DIRECTIONS FOR THIS TASK → Check every line of the entries below for "xspecialM", and copy the lines that have it.

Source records
Section XvecProducts.
Variables (k : fieldType) (d m : nat).
Local Notation S := {mpoly k[d + m]}.
Local Notation xvar := (@xvar k d m).
Local Notation xvec := (@xvec k d m).

Definition xconst (p : S) : Prop := forall mo, mo \in msupp p -> xdeg mo = 0%N.

Lemma xconst_bihomog b p : bihomog 0 b p -> xconst p.
Proof. by move=> hp mo /hp []. Qed.

Definition xspecial (i : 'I_d) (p : S) : S :=
  p \mPo [tuple match split j with inl l => (l == i)%:R | inr _ => 'X_j end | j < d + m].

Lemma xspecial_xvar (i l : 'I_d) : xspecial i (xvar l) = (l == i)%:R.
Proof.
rewrite /xspecial /xvar comp_mpolyX (bigD1 (lshift m l)) //= big1 ?mulr1.
  by rewrite tnth_mktuple mnm1E eqxx expr1 (unsplitK (inl _ l)).
move=> j ne_j; rewrite mnm1E; case: eqP => [eq_j|_]; last by rewrite expr0.
by move: ne_j; rewrite eq_j eqxx.
Qed.

Lemma xspecial_xconst i p : xconst p -> xspecial i p = p.
Proof.
move=> hp; rewrite /xspecial comp_mpolyEX [in RHS](mpolyE p) !big_seq.
apply: eq_bigr => mo supp_mo; congr (_ *: _).
rewrite comp_mpolyX [in RHS](mpolyXE_id k mo) !big_split_ord /=.
have mo_x0 l : mo (lshift m l) = 0%N.
  by move/eqP: (hp mo supp_mo); rewrite sum_nat_eq0 => /forallP /(_ l) /eqP.
congr (_ * _); apply: eq_bigr => j _; rewrite tnth_mktuple.
  by rewrite mo_x0 !expr0.
by rewrite (unsplitK (inr _ j)).
Qed.

Lemma xspecial_xvec_mul i (v : 'cV[S]_d) : (forall l, xconst (v l 0)) ->
  xspecial i ((xvec *m v) 0 0) = v i 0.
Proof.
move=> hv.
have xspecialM p q : xspecial i (p * q) = xspecial i p * xspecial i q.
  by rewrite /xspecial rmorphM.
have xspecial_sum (F : 'I_d -> S) : xspecial i (\sum_l F l) = \sum_l xspecial i (F l).
  by rewrite /xspecial rmorph_sum.
rewrite mxE xspecial_sum (bigD1 i) //= big1 => [|l ne_li];
  rewrite !mxE xspecialM xspecial_xvar (xspecial_xconst _ (hv _)).
  by rewrite eqxx mul1r addr0.
by rewrite (negbTE ne_li) mul0r.
Qed.

Lemma xvec_mul_inj (v w : 'cV[S]_d) : (forall i, xconst (v i 0)) ->
  (forall i, xconst (w i 0)) -> xvec *m v = xvec *m w -> v = w.
Proof.
move=> hv hw vw; apply/matrixP => i j; rewrite [j]ord1.
by rewrite -(xspecial_xvec_mul i hv) -(xspecial_xvec_mul i hw) vw.
Qed.

Lemma xvec_mul_entry c (M : 'M[S]_(d, c)) t :
  (xvec *m M) 0 t = \sum_a xvar a * M a t.
Proof. by rewrite mxE; apply: eq_bigr => a _; rewrite mxE. Qed.

Lemma xvec_mul_col c (M : 'M[S]_(d, c)) t : (xvec *m col t M) 0 0 = (xvec *m M) 0 t.
Proof. by rewrite !mxE; apply: eq_bigr => a _; rewrite !mxE. Qed.

Lemma Lof_xideal c (M : 'M[S]_(d, c)) f : Lof M f -> xideal f.
Proof.
apply: ideal_span_min; first exact: xideal_ideal.
move=> _ [t ->]; rewrite xvec_mul_entry; apply: (ideal_sum (xideal_ideal _ _ _)) => a _.
by apply: (idealMr (xideal_ideal _ _ _)); apply: xideal_xvar.
Qed.

Lemma Lof_row_mxl c l (B : 'M[S]_(d, c)) (C : 'M[S]_(d, l)) f :
  Lof B f -> Lof (row_mx B C) f.
Proof.
apply: ideal_span_min; first exact: ideal_span_ideal.
move=> _ [t ->].
have -> : (xvec *m B) 0 t = (xvec *m row_mx B C) 0 (lshift l t) by rewrite mul_mx_row row_mxEl.
exact: fam_ideal_gen.
Qed.

Lemma Lof_row_mxr c l (B : 'M[S]_(d, c)) (C : 'M[S]_(d, l)) f :
  fam_ideal (fun t => (xvec *m C) 0 t) f -> Lof (row_mx B C) f.
Proof.
apply: ideal_span_min; first exact: ideal_span_ideal.
move=> _ [t ->].
have -> : (xvec *m C) 0 t = (xvec *m row_mx B C) 0 (rshift c t) by rewrite mul_mx_row row_mxEr.
exact: fam_ideal_gen.
Qed.

End XvecProducts.

Section JacobianDual.
Variables (k : fieldType) (d m n : nat) (hd : (0 < d)%N).
Local Notation S := {mpoly k[d + m]}.
Local Notation xvar := (@xvar k d m).
Local Notation xvec := (@xvec k d m).
Local Notation xideal := (@xideal k d m).
Local Notation Tphi M := (@Tvec k d m *m map_mx (@incl_RS k d m) M).
Variables (phi' : 'M[{mpoly k[d]}]_(m, m - 2)) (v : 'cV[{mpoly k[d]}]_m).
Variable Bp : 'M[S]_(d, m - 2).
Hypothesis n_gt0 : (0 < n)%N.
Hypothesis v_homog : forall i, std_homog n (v i 0).
Hypothesis Bp_bihomog : forall i j, bihomog 0 1 (Bp i j).
Hypothesis xvec_Bp : xvec *m Bp = Tphi phi'.

Definition Lgen j := (Tphi phi') 0 j.
Definition Lp := fam_ideal Lgen.
Definition g := (Tphi v) 0 0.
Definition L := ideal_add Lp (fun f => f = g).
Definition J := ideal_add Lp (minors_ideal d Bp).
Definition dlast := last_ord hd.
Definition xd := xvar dlast.
Definition Bdel := row' dlast Bp.
Definition K := ideal_add (ideal_add Lp (minors_ideal d.-1 Bdel)) (fun f => f = xd).
Definition LId c (B : 'M[S]_(d, c)) := ideal_add L (minors_ideal d B).

Lemma Lgen_xvec j : Lgen j = \sum_a xvar a * Bp a j.
Proof. by rewrite /Lgen -xvec_Bp xvec_mul_entry. Qed.

Lemma xhomog_Bp i j : xhomog 0 (Bp i j).
Proof. exact: xhomog_bihomog (@Bp_bihomog i j). Qed.

Lemma xhomog_Lgen j : xhomog 1 (Lgen j).
Proof.
rewrite Lgen_xvec; apply: xhomog_sum => a _.
exact: xhomogM (xhomog_xvar _ _ a) (xhomog_Bp a j).
Qed.

Lemma xhomog_g : xhomog n g.
Proof.
rewrite /g mxE; apply: xhomog_sum => a _; rewrite !mxE.
exact: xhomogM (xhomog_Tvar _ _ _) (xhomog_incl_RS _ (@v_homog a)).
Qed.

Lemma xhomog_Bdel_minor f : minor_gen d.-1 Bdel f -> xhomog 0 f.
Proof.
by move=> [ri [ci [_ _ ->]]]; apply: xhomog_det0 => a b; rewrite !mxE; apply: xhomog_Bp.
Qed.

Lemma J_ideal : is_ideal J.
Proof. exact: ideal_span_ideal. Qed.

Lemma Lgen_J j : J (Lgen j).
Proof. by apply: ideal_addl; apply: fam_ideal_gen. Qed.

PROBLEM SOLUTION →
have xspecialM p q : xspecial i (p * q) = xspecial i p * xspecial i q.
  rewrite !mxE xspecialM xspecial_xvar (xspecial_xconst _ (hv _)).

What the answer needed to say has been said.